• **THE TASK**:
The line holding "Definition tv (T" and all lines that follow it to the end of the data: return these exactly, and nothing more.

• **SUPPLIED RECORDS**:
(* Let $\Omega$ be a finite set with $|\Omega|\ge2$ and $0<\varepsilon<1/2$. There is $n_0=n_0(\varepsilon,\Omega)$ such that the following holds for all $n>n_0$. Let $\mu\in\mathcal P(\Omega^n)$ and let $S_1,\dots,S_l\subset\Omega^n$ be pairwise disjoint sets such that (i) $\sum_{i=1}^l\mu(S_i)>1-\varepsilon$, and (ii) $\mu(S_i)>0$ and the conditional distribution $\mu[\cdot|S_i]$ is $(\varepsilon/9)^3$-symmetric for each $1\le i\le l$. Let $z=\sum_{h=1}^l\mu(S_h)$. Then $D_\square\Big(\mu,\ \frac1z\sum_{i=1}^l\mu(S_i)\bigotimes_{j=1}^n\mu_j[\cdot|S_i]\Big)<2\varepsilon$.
   Context: $\mathcal P(\mathcal X)$ denotes the set of probability measures on a finite set $\mathcal X$; $[n]=\{1,\dots,n\}$; $\|p-q\|_{TV}=\frac12\sum_x|p(x)-q(x)|$. For $\mu\in\mathcal P(\Omega^n)$, $\mu_j$ and $\mu_{i,j}$ denote the marginals on coordinate $j$ and coordinates $\{i,j\}$; $\mu_j[\cdot|S]$ is the $j$-th marginal of the conditional measure $\mu[\cdot|S]$. $\mu\in\mathcal P(\Omega^V)$ is $\varepsilon$-symmetric if $\frac1{|V|^2}\sum_{i,j\in V,\,i\ne j}\|\mu_{i,j}-\mu_i\otimes\mu_j\|_{TV}<\varepsilon$. For $\mu,\nu\in\mathcal P(\Omega^n)$ let $\Gamma(\mu,\nu)$ be the set of couplings, i.e. probability measures $\gamma$ on $\Omega^n\times\Omega^n$ whose first and second marginals are $\mu$ and $\nu$. The cut metric is $D_\square(\mu,\nu)=\frac1n\min_{\gamma\in\Gamma(\mu,\nu)}\max_{I\subset[n],\,B\subset\Omega^n\times\Omega^n,\,\omega\in\Omega}\Big|\sum_{i\in I}\sum_{(\sigma,\tau)\in B}\gamma(\sigma,\tau)\big(\mathbf 1\{\sigma_i=\omega\}-\mathbf 1\{\tau_i=\omega\}\big)\Big|$. *)

From HB Require Import structures.
From mathcomp Require Import all_boot all_order all_algebra.
Set Implicit Arguments. Unset Strict Implicit. Unset Printing Implicit Defensive.
Import Order.TTheory GRing.Theory Num.Theory.
Local Open Scope ring_scope.

Section Defs.
Variable R : realFieldType.

Definition config (Omega : finType) (n : nat) := {ffun 'I_n -> Omega}.

Definition is_prob (T : finType) (p : T -> R) : Prop :=
  (forall x, 0 <= p x) /\ \sum_(x : T) p x = 1.

Definition mass (T : finType) (p : T -> R) (S : {set T}) : R :=
  \sum_(x in S) p x.

Definition cond (T : finType) (p : T -> R) (S : {set T}) : T -> R :=
  fun x => if x \in S then p x / mass p S else 0.

Definition tv (T : finType) (p q : T -> R) : R :=
  2^-1 * \sum_(x : T) `|p x - q x|.

Definition marg1 (Omega : finType) n (p : config Omega n -> R) (j : 'I_n)
  : Omega -> R :=
  fun w => \sum_(s : config Omega n | s j == w) p s.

• **RESULT**:
Definition tv (T : finType) (p q : T -> R) : R :=
  2^-1 * \sum_(x : T) `|p x - q x|.

Definition marg1 (Omega : finType) n (p : config Omega n -> R) (j : 'I_n)
  : Omega -> R :=
  fun w => \sum_(s : config Omega n | s j == w) p s.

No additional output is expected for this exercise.